Public web data can transform your business. It provides unique opportunities and insights. However, a distinct aspect of this data is that it’s raw and, to put it simply, big. Working with large amounts of raw data requires a specific strategy, tools, and skills.
In this article, I will be focusing on how to prepare for working with raw web data and how to use it to achieve optimal results. I will cover the first steps of getting started with web data, discuss what resources are needed, and share some useful tips to help your organization do it efficiently.
In the broadest description, web data is any data collected from the web. It can be data on companies, job postings, reviews, etc. In its raw format, this data comes in large files consisting of text, numbers, and symbols. The term raw data can mean both unstructured and unparsed or fully parsed data that is not cleansed for a specific purpose, depending on the context.
In this article, I will be referring to public web data or alternative data as large amounts of raw data collected from public web sources.
Public web data can be collected from professional networks, business information platforms, publicly available online databases, and similar sources. Collecting public web data gives an alternative purpose for many valuable data points extracted from public company profiles, job postings, company or product reviews, etc.
For example, these profiles have company headcount numbers, job descriptions, job titles, product ratings, job requirements, and more. Every field of information on a public web page can provide some value for specific purposes.
Companies mainly use alternative data for two purposes:
Business insights.
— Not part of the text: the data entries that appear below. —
Lemma k2_amortized_SB a b c r u : a != b -> a != c -> b != c -> u != r ->
  k2step_cost R (SB a b c) r + k2_exp_potential R (SB a b c) r [fset r; u]
    <= k2_potential R (SB a b c) [fset r; u].
Proof.
move=> ab ac bc ur; rewrite /k2_exp_potential.
have ba : b != a by rewrite eq_sym.
have ca : c != a by rewrite eq_sym.
have [->|ra] := eqVneq r a.
  have := k2step_cost_SB_first R a b c.
  by rewrite /= eqxx big_seq1 /= mul1r; lra.
have [->|rb] := eqVneq r b.
  have := k2step_cost_SB_second R ab ac bc.
  rewrite /= eq_sym (negbTE ab) eqxx big_seq1 /= mul1r.
  rewrite min_dist_pairs // !dist_pair // !in_fset2 !natrD.
  case: (eqVneq u a) => [->|ua]; [|case: (eqVneq u c) => [->|uc]];
    rewrite ?eqxx; rewrite_neqs; rewrite /= ?orbT /=; lra.
have [->|rc] := eqVneq r c.
  have := k2step_cost_SB_third R ab ac bc.
  rewrite /= eq_sym (negbTE ac) eq_sym (negbTE bc) eqxx big_seq1 /= mul1r.
  rewrite min_dist_pairs // !dist_pair // !in_fset2 !natrD.
  case: (eqVneq u a) => [->|ua]; [|case: (eqVneq u b) => [->|ub]];
    rewrite ?eqxx; rewrite_neqs; rewrite /= ?orbT /=; lra.
have := k2step_cost_SB_miss R ab ac bc ra rb rc.
rewrite /= (negbTE ra) (negbTE rb) (negbTE rc) !big_cons big_nil /= addr0.
rewrite min_dist_pairs // !dist_pair // !in_fset2 !natrD.
case: (eqVneq u a) => [->|ua]; [|case: (eqVneq u b) => [->|ub]];
  [| |case: (eqVneq u c) => [->|uc]];
  rewrite ?eqxx; rewrite_neqs; rewrite /= ?orbT /=; lra.
Qed.

Lemma k2_amortized_pair s r u : k2state_wf s -> u != r ->
  k2step_cost R s r + k2_exp_potential R s r [fset r; u] <= k2_potential R s [fset r; u].
Proof.
case: s => [a b|a b c] /= => [ab|/and3P [ab ac bc]];
  [exact: k2_amortized_SA | exact: k2_amortized_SB].
Qed.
For example:
In this case, the company might be looking to use data for business insights, such as finding new startups to invest in or potential clients.
Another example would be monitoring how the competitors are growing their teams. Insights like these are used for internal purposes.
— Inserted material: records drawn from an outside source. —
Lemma fact_bound_b_ge2 (q k r : nat) :
  fact (S q + k) * fact (2 * S q) * fact (S r) * ((2 * S q + k + r + 1) * (2 * S q + k + r + 2))
  <= 2 * 2 ^ (2 * S q) * fact (S q) * fact (2 * S q + k + r + 1).
Proof.
  pose proof (fact_double_le (S q)) as Hdouble.
  assert (Hmerge : fact (S q) * (fact (S q + k) * fact (S r)) <= fact (S (q + (q + k + r)))).
  { eapply Nat.le_trans; [apply Nat.mul_le_mono_l, fact_S_mul_fact_S_le|].
    apply fact_S_mul_fact_S_le. }
  replace (2 * S q + k + r + 2) with (S (S (S (S (q + (q + k + r)))))) by lia.
  replace (2 * S q + k + r + 1) with (S (S (S (q + (q + k + r))))) by lia.
  set (N := q + (q + k + r)) in *.
  change (fact (S (S (S N)))) with (S (S (S N)) * (S (S N) * fact (S N))).
  set (P := 2 ^ (2 * S q)) in *. set (Fq := fact (S q)) in *.
  set (A := fact (S q + k)) in *. set (B := fact (S r)) in *. set (D := fact (2 * S q)) in *.
  set (G := fact (S N)) in *. clearbody N P Fq A B D G.
  set (n := S (S (S N))).
  apply Nat.le_trans with (P * Fq * (Fq * (A * B)) * (n * S n)).
  { replace (P * Fq * (Fq * (A * B))) with (A * (P * Fq * Fq) * B) by ring.
    apply Nat.mul_le_mono_r, Nat.mul_le_mono_r, Nat.mul_le_mono_l, Hdouble. }
  apply Nat.le_trans with (P * Fq * G * (n * S n)).
  { apply Nat.mul_le_mono_r, Nat.mul_le_mono_l, Hmerge. }
  unfold n. nia.
Qed.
New products (various products based on specific data or topics).
In this case, the company is looking to build a data-driven platform or product. They use proprietary methods and AI-driven models to process the data to extract information and insights and offer them to clients via a convenient and user-friendly interface.
For example, the business provides talent-sourcing services in the healthcare industry and uses alternative data to build a platform for employers.
The organization needs to have clear business objectives and data strategy to get started with alternative data. In other words, the company has to know what the data is needed for.
This idea should be in the hands of someone who keeps their finger on the market's pulse, can identify trends, and, most importantly, business opportunities. It will probably be someone in a leadership position. This knowledge and understanding should be the base of the search for data that can be leveraged to achieve your business objectives.
The usage of web data can be called signal generation. A company identifies what signals would be valuable for the business, whatever they would be, and searches for data that can help generate these signals.
So, let’s say you already have a business goal or assumption that requires data. The next important step is getting the necessary resources, starting with the data itself.
When a company decides that they need to get large amounts of data from an external vendor, the first step is to find a reliable data provider. This search has specific requirements regarding data quality and reliability.
To evaluate data quality, look at such factors as accuracy, completeness, uniformity, and timeliness.
I asked Coresignal’s data experts Martynas Simanauskas and Justas Gratulevicius, who consult businesses on how to leverage public web data for various use cases, to share their insights and to explain why it’s also essential to ensure that the data you’re getting is fresh and its delivery is consistent.
“Data tends to age and lose its relevance very quickly. Coverage is important, but so is freshness. Continuous dataset updates are challenging for data providers, but it provides maximum value for the businesses using this data. It also shows the commitment and expertise level of the data provider,” Martynas explained.
Using a set of alternative data only once is quite rare. That’s why, according to Justas Gratulevicius, you should choose data providers that can ensure consistent updates without fail.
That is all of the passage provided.